## Work to complete
Among the entries below, find all lines that include "rmorphM" and copy them.

## Dataset entries
Lemma braket_sandwich (u : 'cV[C]_N) (G : 'M[C]_N) :
  braket u (G *m (u *m adj u) *m adj G) u = (nc (braket u G u) ^+ 2)%:C.
Proof.
rewrite normc_sqrE /braket !mulmxA.
rewrite -[adj u *m G *m u *m adj u *m adj G *m u]mulmxA.
rewrite -[adj u *m G *m u *m adj u *m (adj G *m u)]mulmxA mulmx11E.
by congr (_ * _); rewrite -{2}[u]adjK -!adjM adjE.
Qed.

End Adjoint.

Section CodeSpace.
Variables (R : realType) (p n K : nat) (psi : 'I_K -> 'cV[R[i]]_(hdim p n)).
Local Notation C := R[i].
Local Notation N := (hdim p n).
Local Notation P := (codeproj psi).

Lemma codeproj_adj : adj P = P.
Proof. by rewrite adj_sum; apply: eq_bigr => a _; rewrite adjM adjK. Qed.

Lemma tr_codeproj_sandwich (u : 'cV[C]_N) (G : 'M[C]_N) :
  \tr (P *m (G *m (u *m adj u) *m adj G))
  = (\sum_a nc ((adj (psi a) *m G *m u) 0 0) ^+ 2)%:C.
Proof.
rewrite mulmx_suml raddf_sum rmorph_sum /=; apply: eq_bigr => a _.
rewrite -mulmxA mxtrace_mulC trace_mx11 normc_sqrE !mulmxA.
rewrite -[adj (psi a) *m G *m u *m adj u *m adj G *m psi a]mulmxA.
rewrite -[adj (psi a) *m G *m u *m adj u *m (adj G *m psi a)]mulmxA mulmx11E.
by congr (_ * _); rewrite -[in LHS](adjK (psi a)) -!adjM adjE.
Qed.

Lemma tr_codeproj_channel J (pr : 'I_J -> R) (F : 'I_J -> 'M[C]_N) (u : 'cV[C]_N) :
  \tr (P *m \sum_j (pr j)%:C *: (F j *m (u *m adj u) *m adj (F j)))
  = (\sum_j pr j * \sum_a nc ((adj (psi a) *m F j *m u) 0 0) ^+ 2)%:C.
Proof.
rewrite mulmx_sumr raddf_sum rmorph_sum /=; apply: eq_bigr => j _.
by rewrite -scalemxAr mxtraceZ tr_codeproj_sandwich rmorphM.
Qed.

Variable Psi : 'cV[C]_N.
Hypothesis Psi_code : P *m Psi = Psi.
Definition code_coord a := (adj (psi a) *m Psi) 0 0.
Local Notation c := code_coord.

Lemma adj_code_vec : adj Psi *m P = adj Psi.
Proof. by rewrite -codeproj_adj -adjM Psi_code. Qed.

Lemma code_vec_expand : Psi = \sum_a c a *: psi a.
Proof.
rewrite -{1}Psi_code mulmx_suml; apply: eq_bigr => a _.
by rewrite -mulmxA [adj (psi a) *m Psi in LHS]mx11_scalar mul_mx_scalar.
Qed.

Lemma mulmx_code_vec (X : 'rV[C]_N) : (X *m Psi) 0 0 = \sum_b c b * (X *m psi b) 0 0.
Proof.
rewrite [in LHS]code_vec_expand mulmx_sumr summxE; apply: eq_bigr => b _.
by rewrite -scalemxAr mxE.
Qed.

Lemma braket_code_vec (G : 'M[C]_N) :
  braket Psi G Psi = \sum_a (c a)^* * (adj (psi a) *m G *m Psi) 0 0.
Proof.
rewrite /braket -[in LHS]adj_code_vec mulmx_sumr !mulmx_suml summxE.
apply: eq_bigr => a _; rewrite -!mulmxA mulmxA mulmx11E; congr (_ * _).
by rewrite -[in LHS](adjK (psi a)) -adjM adjE.
Qed.

Lemma braket_codeproj (A : 'M[C]_N) : braket Psi (P *m A *m P) Psi = braket Psi A Psi.
Proof. by rewrite /braket !mulmxA adj_code_vec -mulmxA Psi_code. Qed.

Lemma braket_codeproj_channel J (pr : 'I_J -> R) (F : 'I_J -> 'M[C]_N) :
  braket Psi (P *m (\sum_j (pr j)%:C *: (F j *m (Psi *m adj Psi) *m adj (F j))) *m P) Psi
  = (\sum_j pr j * nc (braket Psi (F j) Psi) ^+ 2)%:C.
Proof.
rewrite braket_codeproj braket_sum rmorph_sum; apply: eq_bigr => j _.
by rewrite braketZ braket_sandwich -rmorphM.
Qed.

Lemma code_coord_unit : vnorm Psi = 1 -> \sum_a (c a)^* * c a = 1.
Proof.
move=> Psi_unit.
have sum_sq : \sum_i nc (Psi i 0) ^+ 2 = 1.
  rewrite -(sqr_sqrtr (sumr_ge0 _ (fun i _ => sqr_ge0 (nc (Psi i 0))))).
  by rewrite -/(vnorm Psi) Psi_unit expr1n.
have := braket_code_vec 1%:M; under eq_bigr do rewrite mulmx1; move <-.
rewrite /braket mulmx1 mxE -[RHS]/(1%:C) -sum_sq rmorph_sum.
by apply: eq_bigr => i _; rewrite adjE mulrC -normc_sqrE.
Qed.

Lemma code_spread_le (G : 'M[C]_N) (lam : C) (g : R) :
  vnorm Psi = 1 ->
  (forall a b, nc (braket (psi a) G (psi b) - (a == b)%:R * lam) <= g) ->
  \sum_a nc ((adj (psi a) *m G *m Psi) 0 0) ^+ 2 - nc (braket Psi G Psi) ^+ 2
  <= K%:R ^+ 3 * g ^+ 2.
Proof.
move=> /code_coord_unit c_unit G_near; rewrite braket_code_vec.
change (spread c (fun a => (adj (psi a) *m G *m Psi) 0 0) <= K%:R ^+ 3 * g ^+ 2).
rewrite (eq_spread c _ _ (fun a => mulmx_code_vec _)).
exact: spread_near_scalar_le G_near.
Qed.

End CodeSpace.

Lemma convex_comb_le (R : numDomainType) (I : finType) (w x : I -> R) (b : R) :
  (forall i, 0 <= w i) -> \sum_i w i = 1 -> (forall i, x i <= b) ->
  \sum_i w i * x i <= b.
Proof.
move=> w_ge0 w_sum x_le; rewrite -[b]mul1r -w_sum mulr_suml.
by apply: ler_sum => i _; apply: ler_wpM2l.
Qed.

Lemma ratio_ge_of_gap {R : realFieldType} {T W m M delta : R} :
  0 <= m -> m <= M -> M < delta -> delta <= T -> T - W <= m ->
  1 - M / delta <= T^-1 * W.
Proof.
move=> m_ge0 mM M_lt deltaT gap.
have delta_gt0 : 0 < delta by apply: le_lt_trans (le_trans m_ge0 mM) M_lt.
have T_gt0 : 0 < T by apply: lt_le_trans deltaT.
have hq : M / delta * delta = M by rewrite divfK ?gt_eqF.
have hr : T^-1 * W * T = W by rewrite mulrAC mulVf ?mul1r ?gt_eqF.
have q_ge0 : 0 <= M / delta by rewrite divr_ge0 ?(le_trans m_ge0 mM) ?ltW.
nra.
Qed.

## Your response
by rewrite -scalemxAr mxtraceZ tr_codeproj_sandwich rmorphM.
by rewrite braketZ braket_sandwich -rmorphM.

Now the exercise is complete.